Boris Johnson has upset the Norwegian ambassador after likening a visit to his local Tesco to a trip to Trondheim, the country's mythical home of trolls. When asked to comment on his latest gaffe, he told a reporter to "fuck off". (Observer)

Sir Trevor McDonald's son, Tim, has followed his father into journalism, although a somewhat different branch. He is the new editor-in-chief of Hustler, the 'gentleman's interest' title. (Mail on Sunday)

John Cleese, 68, who is embroiled in an expensive divorce from his third wife, is dating a woman half his age. She is Veronica Smiley, who works for the political satire magazine Radar. (Mail on Sunday)

Paul Simon, half of singing due Simon and Garfunkel, is suing a musical clock company for $10m after it used his composition Bridge Over Troubled Water/ without permission.
(Independent on Sunday)

Phil Redmond, the creator of Brookside, is the new chairman of the National Museums and Galleries of Liverpool, which includes the Walker Gallery.

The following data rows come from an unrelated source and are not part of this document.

Lemma sum_n_m_Rminus (f h : nat -> R) a b :
  sum_n_m (fun i => f i - h i) a b = sum_n_m f a b - sum_n_m h a b.
Proof.
  rewrite (sum_n_m_ext _ (fun i => f i + (-1) * h i)) by (intros; simpl; ring).
  rewrite sum_n_m_Rplus, sum_n_m_Rmult_l. simpl; ring.
Qed.

Lemma sum_n_m_shift1 (f : nat -> R) a b : (a <= S b)%nat ->
  sum_n_m (fun i => f (S i)) a b = sum_n_m f a b + f (S b) - f a.
Proof.
  intros Hab. rewrite sum_n_m_S.
  pose proof (sum_n_Sm f a b Hab) as E1. pose proof (sum_Sn_m f a (S b) Hab) as E2.
  unfold plus in E1, E2; simpl in E1, E2. lra.
Qed.

Lemma sum_n_m_shift_bound (f : nat -> R) m a b : (a <= S b)%nat ->
  (forall k, 0 <= f k <= 1) ->
  Rabs (sum_n_m (fun i => f (i + m)%nat) a b - sum_n_m f a b) <= INR m.
Proof.
  intros Hab Hf. induction m as [|m IH].
  - rewrite (sum_n_m_ext _ f) by (intros; simpl; f_equal; lia).
    rewrite Rminus_diag, Rabs_R0. simpl; lra.
  - rewrite (sum_n_m_ext _ (fun i => (fun j => f (j + m)%nat) (S i))) by (intros; simpl; f_equal; lia).
    rewrite (sum_n_m_shift1 (fun j => f (j + m)%nat)) by auto. rewrite S_INR.
    pose proof (Hf (S b + m)%nat); pose proof (Hf (a + m)%nat).
    apply Rabs_le_between in IH. apply Rabs_le. lra.
Qed.

Lemma sum_n_m_unit_bounds (f : nat -> R) n :
  (forall k, 0 <= f k <= 1) -> 0 <= sum_n_m f 1 n <= INR n.
Proof.
  intros Hf.
  pose proof (sum_n_m_le (fun _ => 0) f 1 n (fun k => proj1 (Hf k))).
  pose proof (sum_n_m_le f (fun _ => 1) 1 n (fun k => proj2 (Hf k))).
  rewrite !sum_n_m_const in *. replace (S n - 1)%nat with n in * by lia. lra.
Qed.

(** * The 1-periodic function [x |-> 2^(-frac x)] and its carries *)

Definition g (x : R) : R := Rpower 2 (- frac x).

Definition carry (x z : R) : R := frac x + frac z - frac (x + z).

Lemma Rpower2_le x y : x <= y -> Rpower 2 x <= Rpower 2 y.
Proof. intros; apply Rle_Rpower; lra. Qed.

Lemma g_bounds x : 0 <= g x <= 1.
Proof.
  unfold g. pose proof (frac_bounds x). split.
  - left; apply exp_pos.
  - rewrite <- (Rpower_O 2) by lra. apply Rpower2_le. lra.
Qed.

(* Multiplying [g (x + z)] by [2^(frac z)] gives back [g x], doubled exactly
   when adding [z] produced a carry; a carry forces [frac x >= 1 - frac z],
   hence [1/2 <= g x <= 2^(frac z) / 2]. *)
Lemma carry_step x z :
  (carry x z = 0 \/ carry x z = 1) /\
  Rpower 2 (frac z) * g (x + z) = g x + carry x z * g x /\
  carry x z / 2 <= carry x z * g x <= carry x z * Rpower 2 (frac z) / 2.
Proof.
  unfold carry, g. pose proof (frac_bounds x); pose proof (frac_bounds z).
  assert (Half : forall u, Rpower 2 (u - 1) = Rpower 2 u / 2).
  { intros u. unfold Rminus. rewrite Rpower_plus, Rpower_Ropp, Rpower_1; lra. }
  destruct (frac_add_cases x z) as [[_ E] | [C E]]; rewrite E.
  - replace (frac x + frac z - (frac x + frac z)) with 0 by ring.
    rewrite <- Rpower_plus. replace (frac z + - (frac x + frac z)) with (- frac x) by ring.
    lra.
  - replace (frac x + frac z - (frac x + frac z - 1)) with 1 by ring.
    rewrite <- Rpower_plus, !Rmult_1_l.
    replace (frac z + - (frac x + frac z - 1)) with (- frac x + 1) by ring.
    rewrite Rpower_plus, Rpower_1 by lra.
    split; [lra|]. split; [ring|].
    replace (1 / 2) with (Rpower 2 0 / 2) by (rewrite Rpower_O; lra).
    rewrite <- !Half. split; apply Rpower2_le; lra.
Qed.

His wife Alexis sits on the board of trustees. "Yes, it's a bit unusual," he admits. (Sunday Telegraph)

Actress Salma Hayek has cancelled her plans to marry Francois-Henri Pinault, the head of Yves St Laurent and son of the owner of Christie's, ten months after the birth of their daughter Valentina. (Mail on Sunday)

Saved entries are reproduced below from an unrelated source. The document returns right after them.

Lemma expect_agree_centered L h x :
  (forall y y', agree (~: L) y y' -> h y = h y') ->
  expect P (fun y => h y * (agree L x y)%:R) =
  prob P (agree L x) * expect P h +
  expect P (fun y => h y * (cond_exp P (fun z => (agree L x z)%:R) (~: L) y
                            - prob P (agree L x))).
Proof.
move=> hdep; rewrite -(tower pmf _ hdep) -expectZ -expectD.
by apply: eq_expect => y; ring.
Qed.

Lemma cond_expU_dist_le K L Q x (d : R) :
  (forall y y', agree (~: L) y y' -> Q y = Q y') -> K \subset ~: L -> 0 < P x ->
  (forall y, 0 < P y -> `|cond_exp P (fun z => (agree L x z)%:R) (~: L) y
                          - prob P (agree L x)| <= d) ->
  `|cond_exp P Q (K :|: L) x - cond_exp P Q K x|
     <= 2 * d * expect P (fun y => `|Q y|) / prob P (agree (K :|: L) x).
Proof.
(* Expanding numerator and denominator of E(Q | X_{K u L}) around pi times
   their X_K-analogues S and Pk leaves the error terms E1 and E2, each of size
   at most d times E|Q| resp. Pk. *)
move=> Qdep KL Px dev.
have d0 : 0 <= d := le_trans (normr_ge0 _) (dev x Px).
set pi := prob P (agree L x).
set e := fun y => cond_exp P (fun z => (agree L x z)%:R) (~: L) y - pi.
set iK := fun y => (agree K x y)%:R : R.
have iKdep y y' : agree (~: L) y y' -> iK y = iK y'.
  by move=> /(agreeS KL) Ayy'; rewrite /iK agree_sym (agree_classE Ayy') agree_sym.
set A := prob P (agree (K :|: L) x).
set Pk := prob P (agree K x).
set EQ := expect P (fun y => `|Q y|).
set S := expect P (fun y => Q y * iK y).
set E1 := expect P (fun y => Q y * iK y * e y).
set E2 := expect P (fun y => iK y * e y).
have A_gt0 : 0 < A by exact: prob_agree_gt0.
have Pk_gt0 : 0 < Pk by exact: prob_agree_gt0.
have PkE : Pk = expect P iK by rewrite /Pk probE.
have N_eq : expect P (fun y => Q y * (agree (K :|: L) x y)%:R) = pi * S + E1.
  have QiKdep y y' : agree (~: L) y y' -> Q y * iK y = Q y' * iK y'.
    by move=> Ayy'; rewrite (Qdep _ _ Ayy') (iKdep _ _ Ayy').
  rewrite -(expect_agree_centered x QiKdep).
  by apply: eq_expect => y; rewrite agreeU_ind mulrA.
have A_eq : A = pi * Pk + E2.
  rewrite /A probE PkE -(expect_agree_centered x iKdep).
  by apply: eq_expect => y; rewrite agreeU_ind.
have iK_ge0 y : 0 <= iK y by exact: ler0n.
have iK_le1 y : iK y <= 1 by rewrite /iK lern1 leq_b1.
have dev_e y : 0 < P y -> `|e y| <= d by exact: dev.
have E1_le : `|E1| <= d * EQ.
  rewrite -expectZ; apply: (ler_norm_expect pmf) => y Py.
  rewrite !normrM (ger0_norm (iK_ge0 y)) -mulrA [d * _]mulrC ler_wpM2l //.
  by rewrite -[d]mul1r ler_pM ?dev_e.
have E2_le : `|E2| <= d * Pk.
  rewrite PkE -expectZ; apply: (ler_norm_expect pmf) => y Py.
  by rewrite normrM (ger0_norm (iK_ge0 y)) mulrC ler_wpM2r ?dev_e.
have S_le : `|S| <= EQ.
  apply: (ler_norm_expect pmf) => y _.
  by rewrite normrM (ger0_norm (iK_ge0 y)) ler_piMr.
rewrite !cond_expE_support // -/A -/Pk -/S N_eq.
have -> : (pi * S + E1) / A - S / Pk = (Pk * E1 - S * E2) / (A * Pk).
  by rewrite A_eq; field; rewrite -A_eq; apply/andP; split; exact: lt0r_neq0.
rewrite normrM normfV (gtr0_norm (mulr_gt0 A_gt0 Pk_gt0)).
have -> : 2 * d * EQ / A = (2 * d * EQ * Pk) / (A * Pk).
  by field; apply/andP; split; exact: lt0r_neq0.
rewrite ler_pM2r ?invr_gt0 ?mulr_gt0 //.
have -> : 2 * d * EQ * Pk = Pk * (d * EQ) + EQ * (d * Pk) by ring.
apply: le_trans (ler_normB _ _) _; rewrite !normrM (gtr0_norm Pk_gt0).
exact: lerD (ler_wpM2l (ltW Pk_gt0) E1_le) (ler_pM (normr_ge0 _) (normr_ge0 _) S_le E2_le).
Qed.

The actress who played Judith Iscariot in The Life of Brian, Sue Jones-Davies, has become the mayor of Aberyswyth, and is attempting to overturn a ban on the Monty Python film, in which she appeared nude, that still exists in the Welsh town. (Observer)

"The best advice William Hague ever gave me was never, ever combine the leadership of the Conservative Party with headgear of any description" - David Cameron, referring to Hague's ill-considered wearing of a baseball cap in 1997 (Sunday Times)

Rock guitarist Jeff Beck appeared in a late-night concert organised by Nigel Kennedy at the Proms on Saturday. The former Yardbird is the first genuine rock star to play the Proms. (Sunday Times)

Film writer and director Richard Curtis (Four Weddings etc) and his wife Emma Freud are among home-owners in Southwold being pursued by the press wanting to discover who is Gordon Brown’s host on his summer holiday. "He's not staying with us," insists Labour-supporting Curtis. (Sunday Telegraph)

Actress Gemma Arterton, 22, has revealed that Daniel Craig, with whom she stars in the new Bond film The Quantum of Solace, wears lifts in his shoes to compensate for his stature. She says of the 5ft 10in actor, who is prickly about his height: "I teased him but he took it in good humour." (Mail on Sunday)

red top world

Rolling Stone Ronnie Wood, 61, has sobered up after his booze marathon with 19-year-old Ekaterina Ivanova, but instead of returning home to his wife of 23 years Jo Wood, has decided to dump her for the Russian teenager he met in a London escort bar. Says a friend: "Ronnie's family and friends were expecting him to see the error of his way. But it's Katia he's asking for." (Sunday Mirror)

Gabriela Irimia, one half of the pop duo the Cheeky Girls, has revealed that
she suffered a secret miscarriage after falling pregnant by Lib Dem MP Lembit Opik, her fiance until they broke up earlier this month. She says Opik has no idea she was even pregnant. "We weren't getting on and there were a lot of rows... I just couldn't tell Lembit about it." (News of the World)

The parents of Blake Fielder-Civil, husband of "drug-addled" singer Amy
Winehouse
, will ask a judge to order that their son lives with them and stays away from Amy when he is released from jail this week after beating up a pub landlord. (News of the World)

The two teenaged sons that eccentric boxer Chris Eubank gave away to a Las Vegas woman have been dramatically reunited with their mother, Eubank's ex-wife Karron. Chris Jnr flew out of the States without telling his adoptive mother, Irene Hutton, while younger brother Sebastian, holidaying in the UK with Karron, has vowed not to return to Las Vegas. "I am devastated," says  Hutton. "I will do everything I can to get the boys back." (People)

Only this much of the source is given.